Lemma alt_sum_T2_summand_half_le (n : nat) : (2 <= n)%nat ->
  Rabs (alt_sum (T2_summand (1 / 2)) 2 n) <= Rabs (T2_summand (1 / 2) 2).
Proof.
  intros Hn.
  apply (alt_sum_contracting_le _
           (fun k => harmonic (S k) / harmonic k * (INR k / (INR k + 1 / 2)))); auto;
    intros k Hk; assert (Hk2 := INR_ge2 k Hk);
    assert (Hge := harmonic_ge k ltac:(lia));
    assert (Hpos : 0 < 2 * INR k / (INR k + 1)) by (apply Rdiv_lt_0_compat; lra);
    assert (HS := harmonic_S k); rewrite S_INR in HS;
    assert (Hinv : 0 < / (INR k + 1)) by (apply Rinv_0_lt_compat; lra).
  - rewrite !T2_summand_half, aseq_S by (lia || lra). field. split; lra.
  - apply Rmult_le_pos; apply Rdiv_le_0_compat; lra.
  - rewrite HS.
    replace ((harmonic k + / (INR k + 1)) / harmonic k * (INR k / (INR k + 1 / 2)))
      with (2 * INR k * (harmonic k + / (INR k + 1)) / (harmonic k * (2 * INR k + 1)))
      by (field; lra).
    apply Rmult_le_reg_r with (harmonic k * (2 * INR k + 1)); [nra|].
    unfold Rdiv. rewrite Rmult_assoc, Rinv_l by nra.
    assert (INR k * / (INR k + 1) <= harmonic k / 2).
    { apply Rmult_le_reg_l with 2; [lra|]. unfold Rdiv in Hge. lra. }
    nra.
Qed.

Lemma alt_sum_T2_summand_bound (q : R) : -1 <= q < 1 -> exists K, forall n, (2 <= n)%nat ->
  Rabs (alt_sum (T2_summand q) 2 n) <= K * Rpower (INR n) (Rmax (- q) 0).
Proof.
  intros Hq. destruct (Req_EM_T q (1 / 2)) as [->|Hhalf].
  - exists (Rabs (T2_summand (1 / 2) 2)). intros n Hn. assert (Hn2 := INR_ge2 n Hn).
    rewrite Rmax_right, Rpower_O, Rmult_1_r by lra. apply alt_sum_T2_summand_half_le, Hn.
  - destruct (alt_sum_aseq_bound q Hq) as [Ka HKa].
    set (c := / (2 * q - 1)).
    exists (Rabs c * (Rabs (bseq q 2) + Ka)). intros n Hn. assert (Hn2 := INR_ge2 n Hn).
    assert (Hpow : 1 <= Rpower (INR n) (Rmax (- q) 0)) by (apply Rpower_ge_1; [lra|apply Rmax_r]).
    rewrite (alt_sum_ext _ (fun k => c * bseq q k + - c * aseq q k))
      by (intros k Hk; apply T2_summand_split; auto; lia).
    rewrite alt_sum_lin by lia.
    eapply Rle_trans; [apply Rabs_triang|]. rewrite !Rabs_mult, Rabs_Ropp.
    assert (Hb := alt_sum_bseq_le q n Hq Hn). assert (Ha := HKa n Hn).
    pose proof (Rabs_pos c). pose proof (Rabs_pos (bseq q 2)).
    assert (Rabs (bseq q 2) <= Rabs (bseq q 2) * Rpower (INR n) (Rmax (- q) 0)) by nra.
    nra.
Qed.

Definition T2_sum (n : nat) (q : R) : R :=
  sum_n_m (fun k => (-1) ^ (n - k) * Hfun k q * Ifun k q / (INR k ^ 2)) 1 n.

Lemma T2_sum_eq (n : nat) (q : R) : (2 <= n)%nat ->
  T2_sum n q = (-1) ^ (n - 1) * T2_summand q 1 + alt_sum (T2_summand q) 2 n.
Proof.
  intros Hn. unfold T2_sum. rewrite (sum_n_m_Chasles _ 1 1 n), sum_n_n by lia.
  unfold alt_sum, T2_summand, plus; simpl. f_equal.
  - unfold Rdiv. ring.
  - apply sum_n_m_ext. intros k.
    match goal with |- ?a = ?b => change (@eq R a b) end. unfold Rdiv. ring.
Qed.

Lemma T2_sum_bound (q : R) : -1 <= q < 1 -> exists K, forall n, (2 <= n)%nat ->
  Rabs (T2_sum n q) <= K * Rpower (INR n) (Rmax (- q) 0).
Proof.
  intros Hq. destruct (alt_sum_T2_summand_bound q Hq) as [K HK].
  exists (Rabs (T2_summand q 1) + K). intros n Hn. assert (Hn2 := INR_ge2 n Hn).
  assert (Hpow : 1 <= Rpower (INR n) (Rmax (- q) 0)) by (apply Rpower_ge_1; [lra|apply Rmax_r]).
  rewrite T2_sum_eq by auto.
  eapply Rle_trans; [apply Rabs_triang|]. rewrite Rabs_mult, pow_1_abs, Rmult_1_l.
  specialize (HK n Hn). pose proof (Rabs_pos (T2_summand q 1)). nra.
Qed.

Lemma T2_bound (q : R) : -1 <= q < 1 -> exists C, forall n, (2 <= n)%nat ->
  Rabs (T2 n q) <= C * Rpower (INR n) (Rmax q 0 - 1).
Proof.
  intros Hq. destruct (J_bound q Hq) as [CJ HJ]. destruct (T2_sum_bound q Hq) as [CS HS].
  exists (CJ * CS). intros n Hn.
  change (T2 n q) with (J n q * T2_sum n q). rewrite Rabs_mult.
  replace (Rmax q 0 - 1) with ((q - 1) + Rmax (- q) 0)
    by (unfold Rmax; destruct (Rle_dec q 0), (Rle_dec (- q) 0); lra).
  rewrite Rpower_plus.
  replace (CJ * CS * (Rpower (INR n) (q - 1) * Rpower (INR n) (Rmax (- q) 0)))
    with (CJ * Rpower (INR n) (q - 1) * (CS * Rpower (INR n) (Rmax (- q) 0))) by ring.
  apply Rmult_le_compat; auto using Rabs_pos.
Qed.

● ● ● ● ●

— Assignment —
Above are the entries. Output exactly the lines beginning with the line that has "intros k Hk; assert" and ending with the line that has "- rewrite HS.".

— Response to the exercise —
    intros k Hk; assert (Hk2 := INR_ge2 k Hk);
    assert (Hge := harmonic_ge k ltac:(lia));
    assert (Hpos : 0 < 2 * INR k / (INR k + 1)) by (apply Rdiv_lt_0_compat; lra);
    assert (HS := harmonic_S k); rewrite S_INR in HS;
    assert (Hinv : 0 < / (INR k + 1)) by (apply Rinv_0_lt_compat; lra).
  - rewrite !T2_summand_half, aseq_S by (lia || lra). field. split; lra.
  - apply Rmult_le_pos; apply Rdiv_le_0_compat; lra.
  - rewrite HS.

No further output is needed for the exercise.